Memoirs of the Queensland Museum – Culture 12

A Man of the 'Wild' Queensland Frontier: King Gida of the Kaurareg

Memmott, P., Richards, J. & Kane, J.

Published online: June 2021

Authors

Memmott, P., Richards, J. & Kane, J.

Citation

Memmott, P., Richards J., and Kane, J. 2021. A Man of the ‘Wild’ Queensland Frontier: King Gida of the Kaurareg. Memoirs of the Queensland Museum – Culture 12: 27–71. Brisbane. https://doi.org/10.17082/j.2205-3239.12.1.2021.2021-03

Date published

June 2021

DOI

https://doi.org/10.17082/j.2205-3239.12.1.2021.2021-03

Keywords

Kaurareg, Torres Strait, Australian Aboriginal studies, Aboriginal biography, frontier contact history, Indigenous performance, nineteenth century Queensland history, Gida, Archibald Meston

Abstract

This biographical study concerns a Kaurareg man named Gida (c.1849–1899), who resided on Muralag (Prince of Wales Island), in Torres Strait in the late nineteenth century. It is part of a larger research project on the so-called ‘Meston’s Wild Australia’ or ‘Wild Australia Show’ of 1892–93 which was conceived by Queensland entrepreneur Archibald Meston. Meston conscripted a travelling troupe of Aboriginal people from the Queensland frontier whom he presented to the public as ‘wild’ but ‘magnificent’ both physically and in relation to particular skilled customs, yet doomed to extinction, being in the ‘dying days of their race’. The tour climax was planned to be their appearance at the Chicago World Fair in late 1893, but the troupe were left stranded by Meston in Melbourne.

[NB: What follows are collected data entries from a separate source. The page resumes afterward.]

(* Fix an integer $k\ge2$, and let $\alpha=1+\frac{3}{2k}$, $\beta=\frac{1}{5k}$. Let $A\cup B$ be an instance of $(n,n^\alpha,n^\beta)$-Nice Set Cover (with $n^{1/k}$ an integer and every vertex of $B$ having a neighbor in $A$) with optimum $OPT_{NSC}$. Build a digraph $G$ with vertex layers $V_1,\dots,V_{k+2}$ as follows: $V_1\cup\dots\cup V_{k+1}$ is the generalized butterfly of width $n$ and diameter $k$, i.e. $V_i=[n^{1/k}]^k\times\{i\}$ for $i\in[k+1]$ and there is an edge from $(u,i)$ to $(v,i+1)$ iff $u_j=v_j$ for all $j\ne i$; the layer $V_{k+1}$ is identified (by an arbitrary bijection) with $A$; $V_{k+2}=B$; and each edge of the set-cover instance is directed from $A=V_{k+1}$ to $B=V_{k+2}$. Then $S_k(G)=\Theta(OPT_{NSC}\cdot n^{2/k})$, where the hidden constants depend only on $k$ (for $n$ sufficiently large).
   Context: An $(a',b',c')$-Nice Set Cover instance is a bipartite graph with parts $A$, $B$, $|A|=a'$, $|B|=b'$, $B$ partitioned into blocks $B_1,\dots,B_{a'}$ of size $b'/a'$, such that any $v\in A$ adjacent to some vertex of $B_i$ is adjacent to all of $B_i$, and each $v\in A$ is adjacent to at most $c'$ blocks; $OPT_{NSC}$ is the minimum number of vertices of $A$ covering $B$. For a digraph $G$, a $k$-TC-spanner is a digraph $H$ on the same vertices whose edges lie in the transitive closure of $G$ such that $d_H(u,v)\le k$ whenever $v$ is reachable from $u$ in $G$; $S_k(G)$ is the minimum number of edges of a $k$-TC-spanner. *)

From HB Require Import structures.
From mathcomp Require Import all_boot all_order all_algebra.
Set Implicit Arguments. Unset Strict Implicit. Unset Printing Implicit Defensive.

(* Minimum of #|X| over the sets X : {set T} satisfying P
   (default #|{set T}| if none, which never happens in our uses). *)
Definition min_card (T : finType) (P : pred {set T}) : nat :=
  \big[minn/#|{set T}|]_(X : {set T} | P X) #|X|.

Definition covers (A B : finType) (E : A -> B -> bool) (C : {set A}) : bool :=
  [forall b : B, [exists v in C, E v b]].

Definition opt_nsc (A B : finType) (E : A -> B -> bool) : nat :=
  min_card (covers E).

Definition nice_blocks (A B : finType) (E : A -> B -> bool) (I : finType)
  (blk : B -> I) : Prop :=
  forall v b b', E v b -> blk b = blk b' -> E v b'.

Definition nblocks (A B : finType) (E : A -> B -> bool) (I : finType)
  (blk : B -> I) (v : A) : nat :=
  #|[set blk b | b in [set b | E v b]]|.

Definition tc (V : finType) (e : rel V) : rel V :=
  fun u v => [exists w, e u w && connect e w v].

Fixpoint reach_le (V : finType) (h : rel V) (n : nat) (u v : V) : bool :=
  match n with
  | 0 => u == v
  | n'.+1 => (u == v) || [exists w, h u w && reach_le h n' w v]
  end.
(* There is a constant $C$ such that for all $\varepsilon\in(0,1]$, all $\Gamma\in\mathbb{R}$ and all smooth $\alpha:\mathbb{T}\to\mathbb{T}$ with $\eta:=\|\alpha'\|_\infty\le1$, setting $\gamma^0(r)=(0,\alpha(r),r)$ and $$\mathbf{v}^0(\mathbf{x})=\Gamma\int_{\mathbb{T}}\mathbf{k}^\varepsilon(\mathbf{x}-\gamma^0(r))\times\partial_r\gamma^0(r)\,dr,$$ one has $$\sup_{r\in\mathbb{T}}\big|v_1^0(\gamma^0(r))\big|\le C|\Gamma|\eta\varepsilon^{-1},\qquad \sup_{\mathbf{x}\in\mathbb{T}^3}\big|\partial_3\mathbf{v}^0(\mathbf{x})\big|\le C|\Gamma|\eta\varepsilon^{-2}.$$
   Context: $\mathbb{T}^3=\mathbb{R}^3/\mathbb{Z}^3$, identified with $[-\tfrac12,\tfrac12)^3$. The regularized Biot–Savart kernel is $\mathbf{k}^\varepsilon(\mathbf{x})=\frac{1}{4\pi}\frac{\mathbf{x}}{(|\mathbf{x}|^2+\varepsilon^2)^{3/2}}+\mathbf{h}^\varepsilon(\mathbf{x})$, where $\mathbf{h}^\varepsilon$ is a smooth correction making $\mathbf{k}^\varepsilon$ periodic, with $\mathbf{h}^\varepsilon$ and $\nabla\mathbf{h}^\varepsilon$ bounded uniformly in $\varepsilon$, and each component $k_i^\varepsilon$ is odd in $x_i$ and even in the other two coordinates. $\times$ is the vector cross product in $\mathbb{R}^3$. *)

From Stdlib Require Import Reals Lra.
From Coquelicot Require Import Coquelicot.
Open Scope R_scope.
Lemma exponential_of_all_words (S : pred word) K m : 0 < K ->
  (forall n, m <= n -> 2 ^ n <= count S (all_words (K * n))) -> exponential S.
Proof.
move=> K_gt0 Hcount; pose c := Rpower 2 (/ INR (2 * K)).
have c_ge1 : (1 <= c)%R.
  rewrite -(Rpower_O 2); last by lra.
  by apply: Rle_Rpower; [lra | apply/Rlt_le/Rinv_0_lt_compat/lt_0_INR/ltP; lia].
exists (K * m.+1), c; split.
  rewrite -(Rpower_O 2); last by lra.
  by apply: Rpower_lt; [lra | apply/Rinv_0_lt_compat/lt_0_INR/ltP; lia].
move=> i Hi; set n := i %/ K.
have Hn : m < n by rewrite /n leq_divRL // mulnC.
have Hi2 : i <= 2 * K * n.
  by have := divn_eq i K; have := ltn_mod i K; rewrite K_gt0; nia.
apply: (Rle_trans _ (c ^ (2 * K * n))); first by apply: Rle_pow => //; apply/leP.
rewrite Rpower_inv_pow; last by lia.
rewrite (_ : 2%R = INR 2) // -INR_expn; apply/le_INR/leP.
apply: leq_trans (Hcount n (ltnW Hn)) _; apply: count_all_words_le_card_upto.
by rewrite mulnC leq_divM.
Qed.

Lemma exists_nat_mul_ge (lam c : R) : (0 < lam)%R ->
  exists2 m, 0 < m & (c <= lam * INR m)%R.
Proof.
move=> lam_gt0; have [m Hm] := INR_unbounded (c / lam); exists m.+1 => //.
rewrite S_INR; have -> : c = (lam * (c / lam))%R by field; lra.
by apply: Rmult_le_compat_l; lra.
Qed.

Lemma long_factor_size (lam : R) m n l : (4 <= lam * INR m)%R ->
  (lam * INR (m * n * 20) <= INR l)%R -> 80 * n <= l.
Proof.
move=> Hm Hl; apply/leP/INR_le; apply: Rle_trans Hl.
rewrite !mult_INR (INR_IZR_INZ 80) (INR_IZR_INZ 20) /=.
have := pos_INR n; nra.
Qed.

Theorem lemma1 (lam : R) (hlam : (0 < lam)%R) :
  exists S : pred word,
    exponential S /\
    (forall W V : word, S W -> subword V W ->
       (lam * INR (size W) <= INR (size V))%R ->
       occurrences V W = 1%N /\
       (forall U : word, S U -> subword V U -> U = W)) /\
    (forall W : word, S W -> aperiodic 7 W).
Proof.
have [m m_gt0 Hm] := exists_nat_mul_ge 4 hlam.
exists (is_code m); split.
  apply: (exponential_of_all_words (K := m * 20) (m := m)) => [|n]; first by lia.
  exact: count_is_code.
split; last by move=> W /is_codeP[n [x [_ _ ->]]]; apply: code_aperiodic.
move=> W V /is_codeP[n [x [Hmn Hx ->]]] /infix_occurs_at[s Hs Hocc].
have HsV := elimT (occurs_atP false Hs) Hocc.
rewrite size_code => /(long_factor_size Hm) HV.
have long : 40 * n + 24 <= size V by lia.
have unique n' x' i : size x' = n' -> i + size V <= size (code m n' x') ->
    take (size V) (drop i (code m n' x')) == V -> [/\ n = n', x = x' & s = i].
  move=> Hx' Hi /(elimT (occurs_atP false Hi)) HiV.
  by apply: code_window_unique Hmn Hx Hx' Hs Hi long _ => t Ht; rewrite HsV // HiV.
split.
  apply: occurrences_unique Hs _ => i Hi; apply/idP/eqP => [HiV | ->].
    by have [_ _ ->] := unique n x i Hx Hi HiV.
  exact: Hocc.
move=> U /is_codeP[n' [x' [_ Hx' ->]]] /infix_occurs_at[i Hi HiV].
by have [<- <- _] := unique n' x' i Hx' Hi HiV.
Qed.
(* pi0 is injective: t0 I can be read off pi0 I, and then I is recovered. *)
Lemma pi0_inj : 0 < a + b -> injective pi0.
Proof.
move=> n_gt0 I1 I2 /(congr1 val) /= eq_succ.
have t0_succ I : t0 I = if shift1 (succ_set I) (a + b) then 0 else a + b.
  rewrite shift1_succ_set n_gt0 /withTop eqxx orbT /= /t0.
  by case: nmem; rewrite ?eqxx // -lt0n n_gt0.
have eq_t0 : t0 I1 = t0 I2 by rewrite !t0_succ eq_succ.
apply/val_inj/setP => q; rewrite -!withTop_ord.
by rewrite (exch_succ_set I1) (exch_succ_set I2) eq_succ eq_t0.
Qed.

Lemma sum_t0 : 0 < a + b -> \sum_I t0 I = #|{: asub a b}| * b.
Proof.
move=> n_gt0; rewrite -(sum_exch_pos (pi0_inj n_gt0)) => [|I].
  by apply: eq_bigr => I _; apply: exch_posE; apply: exch_pi0.
by exists (t0 I); apply: exch_pi0.
Qed.

(* Uniqueness: every bijection along exchanges is pi0.  Its positions are
   bounded by the forced ones, and both add up to the same total. *)
Lemma exch_unique (f : asub a b -> asub a b) : 0 < a + b -> injective f ->
  (forall I, exists t, exch (val I) (val (f I)) t) -> f =1 pi0.
Proof.
move=> n_gt0 f_inj f_exch.
have le_t0 I : exch_pos I (f I) <= t0 I.
  by have [t IJt] := f_exch I; rewrite -(exch_posE IJt); apply: exch_le_t0 IJt.
have eq_t0 I : exch_pos I (f I) = t0 I.
  have : \sum_I (t0 I - exch_pos I (f I)) == 0.
    by rewrite sumnB // sum_t0 // sum_exch_pos // subnn.
  rewrite sum_nat_eq0 => /forallP/(_ I); rewrite subn_eq0 => ge_t0.
  by apply/eqP; rewrite eqn_leq le_t0.
move=> I; have [t IJt] := f_exch I; have := exch_posE IJt; rewrite eq_t0 => t_eq.
rewrite {}t_eq in IJt.
apply: val_inj.
exact: exch_inj IJt (exch_pi0 I) (exch_asub_notin IJt) (exch_asub_notin (exch_pi0 I)).
Qed.

Lemma card_asub : #|{: asub a b}| = 'C(a + b, a).
Proof.
rewrite card_sig -[in RHS](card_ord (a + b)) -card_draws.
by apply: eq_card => A; rewrite !inE.
Qed.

The aim here is to provide a longitudinal and culturally informed account of Gida’s life, with understanding of a range of critical life events, in addition to those that projected him into the Wild Australia Show and allowed him to return triumphant from the tour. Gida became renowned as a leader being referred to as both a ‘King’ and by the ignominious name of ‘Tarbucket’, titles reflecting the ethnocentric colonial construction of the ‘other’ as both a romanticised primitive, partly of the ‘wild’, yet simultaneously a faithful servant of the state, shaped as such by the emerging Aboriginal policies.

Gida and his co-performers were conscripted from Kiwain village on Muralag. Gida had fled here as a young man after another village had been attacked and ‘razed’ in c.1870 by a punitive expedition led by Frank Jardine of Somerset settlement on Cape York, in which a significant number of his tribespeople were slaughtered for allegedly head-hunting the crew of a wrecked ship. An analysis of this phase of history more readily explains the personal and socio-economic impacts on Gida and the Kaurareg people, before tracing the later fate of Gida and the ongoing inter-generational trauma of his descendants as acknowledgement by their contemporary leader.